**Activity**
Please repeat the records below exactly, from the first line through the line containing "Lemma div_smul_gradB M", and nothing more.

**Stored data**

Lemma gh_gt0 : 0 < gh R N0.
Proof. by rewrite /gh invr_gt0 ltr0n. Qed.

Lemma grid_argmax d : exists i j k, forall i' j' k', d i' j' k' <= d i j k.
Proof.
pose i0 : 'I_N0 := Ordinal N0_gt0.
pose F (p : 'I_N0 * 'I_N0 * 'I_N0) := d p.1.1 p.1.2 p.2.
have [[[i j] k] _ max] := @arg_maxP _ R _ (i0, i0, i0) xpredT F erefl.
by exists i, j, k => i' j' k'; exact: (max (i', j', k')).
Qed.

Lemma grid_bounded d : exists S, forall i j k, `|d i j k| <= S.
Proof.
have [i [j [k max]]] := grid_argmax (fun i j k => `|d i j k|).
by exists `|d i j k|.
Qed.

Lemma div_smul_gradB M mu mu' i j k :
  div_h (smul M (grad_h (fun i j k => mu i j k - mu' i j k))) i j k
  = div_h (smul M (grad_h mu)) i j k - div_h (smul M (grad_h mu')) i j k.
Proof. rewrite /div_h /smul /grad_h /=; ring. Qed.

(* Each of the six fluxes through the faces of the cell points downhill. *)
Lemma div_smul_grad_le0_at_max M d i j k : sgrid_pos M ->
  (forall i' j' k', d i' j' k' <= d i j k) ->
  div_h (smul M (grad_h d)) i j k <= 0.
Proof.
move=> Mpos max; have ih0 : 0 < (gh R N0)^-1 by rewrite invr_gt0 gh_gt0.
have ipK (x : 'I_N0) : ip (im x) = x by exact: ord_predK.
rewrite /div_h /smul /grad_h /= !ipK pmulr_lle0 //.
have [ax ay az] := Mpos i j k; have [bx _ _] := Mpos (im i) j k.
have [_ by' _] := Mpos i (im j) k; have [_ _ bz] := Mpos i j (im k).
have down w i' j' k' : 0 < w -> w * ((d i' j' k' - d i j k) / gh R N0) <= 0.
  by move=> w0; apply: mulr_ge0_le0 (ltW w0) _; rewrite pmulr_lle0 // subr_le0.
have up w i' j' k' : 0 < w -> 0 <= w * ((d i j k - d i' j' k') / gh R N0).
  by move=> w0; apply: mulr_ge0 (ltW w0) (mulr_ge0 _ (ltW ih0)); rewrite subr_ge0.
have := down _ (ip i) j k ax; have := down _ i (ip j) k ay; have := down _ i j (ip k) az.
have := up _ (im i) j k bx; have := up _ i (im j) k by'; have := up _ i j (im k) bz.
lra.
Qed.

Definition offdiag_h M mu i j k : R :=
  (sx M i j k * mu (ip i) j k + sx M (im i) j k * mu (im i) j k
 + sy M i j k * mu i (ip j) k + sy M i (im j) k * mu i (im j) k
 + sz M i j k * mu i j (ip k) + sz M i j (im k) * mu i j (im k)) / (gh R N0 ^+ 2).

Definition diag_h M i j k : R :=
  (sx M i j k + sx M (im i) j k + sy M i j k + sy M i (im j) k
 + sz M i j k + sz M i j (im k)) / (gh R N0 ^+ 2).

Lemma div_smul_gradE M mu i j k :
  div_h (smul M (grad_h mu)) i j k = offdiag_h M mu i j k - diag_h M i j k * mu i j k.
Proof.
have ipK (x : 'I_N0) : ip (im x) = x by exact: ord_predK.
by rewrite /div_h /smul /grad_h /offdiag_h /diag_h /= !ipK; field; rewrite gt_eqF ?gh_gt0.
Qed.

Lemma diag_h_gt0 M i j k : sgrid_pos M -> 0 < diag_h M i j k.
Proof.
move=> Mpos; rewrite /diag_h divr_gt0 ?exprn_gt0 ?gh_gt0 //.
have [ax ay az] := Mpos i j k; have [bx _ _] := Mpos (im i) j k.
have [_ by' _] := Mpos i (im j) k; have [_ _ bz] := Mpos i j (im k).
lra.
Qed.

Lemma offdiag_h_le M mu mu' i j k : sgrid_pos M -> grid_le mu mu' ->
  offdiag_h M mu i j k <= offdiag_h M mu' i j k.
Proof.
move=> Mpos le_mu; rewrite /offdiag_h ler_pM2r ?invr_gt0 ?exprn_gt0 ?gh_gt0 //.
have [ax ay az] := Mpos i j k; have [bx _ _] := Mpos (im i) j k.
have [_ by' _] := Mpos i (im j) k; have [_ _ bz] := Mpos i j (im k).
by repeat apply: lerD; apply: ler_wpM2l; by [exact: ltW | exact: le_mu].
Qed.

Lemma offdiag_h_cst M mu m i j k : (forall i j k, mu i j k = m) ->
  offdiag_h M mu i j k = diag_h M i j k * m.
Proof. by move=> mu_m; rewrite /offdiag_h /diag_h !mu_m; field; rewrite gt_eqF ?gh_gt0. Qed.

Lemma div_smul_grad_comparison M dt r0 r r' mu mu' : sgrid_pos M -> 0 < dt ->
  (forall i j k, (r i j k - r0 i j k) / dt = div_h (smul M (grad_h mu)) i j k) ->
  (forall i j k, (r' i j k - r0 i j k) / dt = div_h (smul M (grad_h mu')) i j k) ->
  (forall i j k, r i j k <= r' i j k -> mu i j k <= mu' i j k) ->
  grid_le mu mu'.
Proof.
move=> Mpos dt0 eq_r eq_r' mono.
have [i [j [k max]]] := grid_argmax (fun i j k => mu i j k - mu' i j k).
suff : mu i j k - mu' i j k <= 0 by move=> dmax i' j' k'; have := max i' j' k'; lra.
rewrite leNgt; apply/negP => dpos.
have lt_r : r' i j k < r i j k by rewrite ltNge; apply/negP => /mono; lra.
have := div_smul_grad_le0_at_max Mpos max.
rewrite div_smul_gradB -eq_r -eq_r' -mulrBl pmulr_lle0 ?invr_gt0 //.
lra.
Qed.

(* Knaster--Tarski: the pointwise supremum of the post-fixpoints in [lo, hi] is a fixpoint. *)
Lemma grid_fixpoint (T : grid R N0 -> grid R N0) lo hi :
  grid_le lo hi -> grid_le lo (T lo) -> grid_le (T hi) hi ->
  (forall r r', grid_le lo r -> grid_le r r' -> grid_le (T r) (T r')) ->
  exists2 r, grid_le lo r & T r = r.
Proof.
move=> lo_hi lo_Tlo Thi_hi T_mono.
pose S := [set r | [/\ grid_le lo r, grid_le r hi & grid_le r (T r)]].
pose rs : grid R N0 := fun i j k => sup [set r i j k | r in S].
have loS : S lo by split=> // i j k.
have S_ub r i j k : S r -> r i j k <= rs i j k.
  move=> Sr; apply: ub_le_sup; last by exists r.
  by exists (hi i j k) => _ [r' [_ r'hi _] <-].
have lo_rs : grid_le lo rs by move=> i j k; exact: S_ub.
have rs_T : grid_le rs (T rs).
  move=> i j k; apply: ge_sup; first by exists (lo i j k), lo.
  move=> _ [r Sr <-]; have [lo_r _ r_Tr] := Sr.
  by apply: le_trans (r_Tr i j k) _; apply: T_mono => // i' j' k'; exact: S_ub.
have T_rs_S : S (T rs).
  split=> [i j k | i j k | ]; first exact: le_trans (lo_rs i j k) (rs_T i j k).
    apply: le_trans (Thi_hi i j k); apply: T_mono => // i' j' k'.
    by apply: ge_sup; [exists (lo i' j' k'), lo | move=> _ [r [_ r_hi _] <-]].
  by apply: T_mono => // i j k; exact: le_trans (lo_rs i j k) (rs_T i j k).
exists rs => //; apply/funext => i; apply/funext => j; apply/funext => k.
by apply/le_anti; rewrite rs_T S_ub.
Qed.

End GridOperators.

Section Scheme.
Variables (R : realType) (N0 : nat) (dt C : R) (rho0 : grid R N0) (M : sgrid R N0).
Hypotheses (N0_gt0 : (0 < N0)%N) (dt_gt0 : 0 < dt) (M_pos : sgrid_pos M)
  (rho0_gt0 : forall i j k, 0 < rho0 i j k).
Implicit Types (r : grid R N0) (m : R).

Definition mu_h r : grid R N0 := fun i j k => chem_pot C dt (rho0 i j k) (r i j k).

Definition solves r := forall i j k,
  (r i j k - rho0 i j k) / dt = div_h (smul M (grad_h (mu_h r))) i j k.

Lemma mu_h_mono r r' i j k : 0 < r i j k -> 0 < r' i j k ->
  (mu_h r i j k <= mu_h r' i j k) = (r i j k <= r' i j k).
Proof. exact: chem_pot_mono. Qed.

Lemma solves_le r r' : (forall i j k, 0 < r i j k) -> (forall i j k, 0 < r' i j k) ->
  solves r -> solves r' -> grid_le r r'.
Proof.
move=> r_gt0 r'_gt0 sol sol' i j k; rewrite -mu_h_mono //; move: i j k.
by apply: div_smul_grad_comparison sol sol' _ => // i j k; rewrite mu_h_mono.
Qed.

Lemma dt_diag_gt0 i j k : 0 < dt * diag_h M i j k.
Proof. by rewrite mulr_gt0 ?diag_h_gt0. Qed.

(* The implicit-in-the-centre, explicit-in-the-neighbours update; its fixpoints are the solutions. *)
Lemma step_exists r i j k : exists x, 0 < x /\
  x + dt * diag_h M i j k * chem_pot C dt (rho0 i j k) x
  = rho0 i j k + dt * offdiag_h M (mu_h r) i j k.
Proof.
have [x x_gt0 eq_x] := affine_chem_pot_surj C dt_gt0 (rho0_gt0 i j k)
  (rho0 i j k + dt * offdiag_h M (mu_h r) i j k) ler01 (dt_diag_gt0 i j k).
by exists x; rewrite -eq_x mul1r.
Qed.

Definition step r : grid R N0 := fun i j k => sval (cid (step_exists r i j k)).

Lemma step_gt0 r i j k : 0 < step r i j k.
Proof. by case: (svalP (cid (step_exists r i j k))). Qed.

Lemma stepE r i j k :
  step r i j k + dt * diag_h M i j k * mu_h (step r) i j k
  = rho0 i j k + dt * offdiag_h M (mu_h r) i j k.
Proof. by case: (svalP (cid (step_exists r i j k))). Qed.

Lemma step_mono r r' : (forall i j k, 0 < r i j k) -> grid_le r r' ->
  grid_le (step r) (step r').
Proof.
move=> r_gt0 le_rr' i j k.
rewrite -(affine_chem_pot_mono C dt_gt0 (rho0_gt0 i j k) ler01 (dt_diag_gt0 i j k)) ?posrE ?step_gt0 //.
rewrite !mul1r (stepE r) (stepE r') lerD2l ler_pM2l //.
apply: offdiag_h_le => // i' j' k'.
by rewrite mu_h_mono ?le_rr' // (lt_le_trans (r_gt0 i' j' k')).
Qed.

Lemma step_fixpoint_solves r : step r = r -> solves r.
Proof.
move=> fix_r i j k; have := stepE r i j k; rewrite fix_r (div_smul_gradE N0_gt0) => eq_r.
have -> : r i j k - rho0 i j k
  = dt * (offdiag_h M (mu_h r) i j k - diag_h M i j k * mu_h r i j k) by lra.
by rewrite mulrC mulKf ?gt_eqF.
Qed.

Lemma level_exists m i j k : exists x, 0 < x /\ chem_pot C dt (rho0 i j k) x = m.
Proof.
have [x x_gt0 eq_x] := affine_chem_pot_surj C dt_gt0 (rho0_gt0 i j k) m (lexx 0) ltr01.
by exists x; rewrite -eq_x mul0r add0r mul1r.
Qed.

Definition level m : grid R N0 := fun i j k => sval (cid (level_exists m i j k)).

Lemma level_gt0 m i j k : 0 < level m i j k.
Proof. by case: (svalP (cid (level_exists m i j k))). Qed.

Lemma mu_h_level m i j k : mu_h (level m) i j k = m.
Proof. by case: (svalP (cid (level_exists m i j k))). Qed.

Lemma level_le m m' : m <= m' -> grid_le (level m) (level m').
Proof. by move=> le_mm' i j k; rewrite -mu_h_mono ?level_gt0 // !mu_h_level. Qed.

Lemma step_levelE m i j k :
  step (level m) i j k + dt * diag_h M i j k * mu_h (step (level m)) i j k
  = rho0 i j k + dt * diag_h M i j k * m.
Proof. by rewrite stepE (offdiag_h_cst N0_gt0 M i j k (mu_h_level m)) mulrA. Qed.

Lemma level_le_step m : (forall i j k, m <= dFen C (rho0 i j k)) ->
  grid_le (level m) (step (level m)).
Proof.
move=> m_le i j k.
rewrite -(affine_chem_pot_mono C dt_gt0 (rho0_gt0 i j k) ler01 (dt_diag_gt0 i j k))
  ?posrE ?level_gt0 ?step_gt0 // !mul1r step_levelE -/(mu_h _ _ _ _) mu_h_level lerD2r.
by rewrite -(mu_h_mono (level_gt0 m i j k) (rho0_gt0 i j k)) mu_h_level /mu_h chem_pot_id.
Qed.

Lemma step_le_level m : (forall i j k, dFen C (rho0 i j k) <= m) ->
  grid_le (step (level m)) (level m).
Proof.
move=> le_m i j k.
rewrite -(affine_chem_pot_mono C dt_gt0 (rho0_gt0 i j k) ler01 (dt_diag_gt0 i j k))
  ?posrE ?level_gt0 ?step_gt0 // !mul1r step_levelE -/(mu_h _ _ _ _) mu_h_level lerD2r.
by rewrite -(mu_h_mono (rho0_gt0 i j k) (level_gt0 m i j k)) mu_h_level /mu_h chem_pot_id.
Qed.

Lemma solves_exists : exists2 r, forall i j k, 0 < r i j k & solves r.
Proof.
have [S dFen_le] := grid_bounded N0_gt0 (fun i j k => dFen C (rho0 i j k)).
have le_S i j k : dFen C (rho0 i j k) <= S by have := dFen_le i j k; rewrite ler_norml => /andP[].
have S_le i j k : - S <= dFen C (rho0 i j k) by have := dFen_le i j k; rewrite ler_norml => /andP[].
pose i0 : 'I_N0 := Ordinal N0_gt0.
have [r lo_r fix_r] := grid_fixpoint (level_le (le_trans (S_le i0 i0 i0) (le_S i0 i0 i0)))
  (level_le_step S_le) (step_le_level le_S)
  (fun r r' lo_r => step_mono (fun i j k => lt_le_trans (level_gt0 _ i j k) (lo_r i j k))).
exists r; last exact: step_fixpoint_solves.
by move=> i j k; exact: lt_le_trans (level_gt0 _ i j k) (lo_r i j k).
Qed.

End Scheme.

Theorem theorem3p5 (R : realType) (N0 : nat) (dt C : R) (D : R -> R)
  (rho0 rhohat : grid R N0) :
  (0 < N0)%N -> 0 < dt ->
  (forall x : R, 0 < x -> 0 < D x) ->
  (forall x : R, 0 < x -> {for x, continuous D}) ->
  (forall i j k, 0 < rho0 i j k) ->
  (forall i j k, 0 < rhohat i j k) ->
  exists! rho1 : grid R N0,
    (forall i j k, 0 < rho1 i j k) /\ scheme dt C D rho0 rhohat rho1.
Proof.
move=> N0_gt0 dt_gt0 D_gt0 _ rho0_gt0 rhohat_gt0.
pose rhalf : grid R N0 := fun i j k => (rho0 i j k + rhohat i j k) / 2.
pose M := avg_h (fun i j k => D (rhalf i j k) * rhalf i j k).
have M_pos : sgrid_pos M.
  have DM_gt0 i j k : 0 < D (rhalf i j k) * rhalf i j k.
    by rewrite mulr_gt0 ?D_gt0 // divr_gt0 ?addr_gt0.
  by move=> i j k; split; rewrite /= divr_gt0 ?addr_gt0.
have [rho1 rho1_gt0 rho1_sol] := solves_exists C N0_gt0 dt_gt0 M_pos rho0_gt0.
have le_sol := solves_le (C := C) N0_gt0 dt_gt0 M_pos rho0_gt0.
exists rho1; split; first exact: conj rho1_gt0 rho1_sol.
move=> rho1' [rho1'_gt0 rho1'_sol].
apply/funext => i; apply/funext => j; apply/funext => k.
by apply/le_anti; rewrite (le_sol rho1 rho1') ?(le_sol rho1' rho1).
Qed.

**Your solution**
Lemma gh_gt0 : 0 < gh R N0.
Proof. by rewrite /gh invr_gt0 ltr0n. Qed.

Lemma grid_argmax d : exists i j k, forall i' j' k', d i' j' k' <= d i j k.
Proof.
pose i0 : 'I_N0 := Ordinal N0_gt0.
pose F (p : 'I_N0 * 'I_N0 * 'I_N0) := d p.1.1 p.1.2 p.2.
have [[[i j] k] _ max] := @arg_maxP _ R _ (i0, i0, i0) xpredT F erefl.
by exists i, j, k => i' j' k'; exact: (max (i', j', k')).
Qed.

Lemma grid_bounded d : exists S, forall i j k, `|d i j k| <= S.
Proof.
have [i [j [k max]]] := grid_argmax (fun i j k => `|d i j k|).
by exists `|d i j k|.
Qed.

Lemma div_smul_gradB M mu mu' i j k :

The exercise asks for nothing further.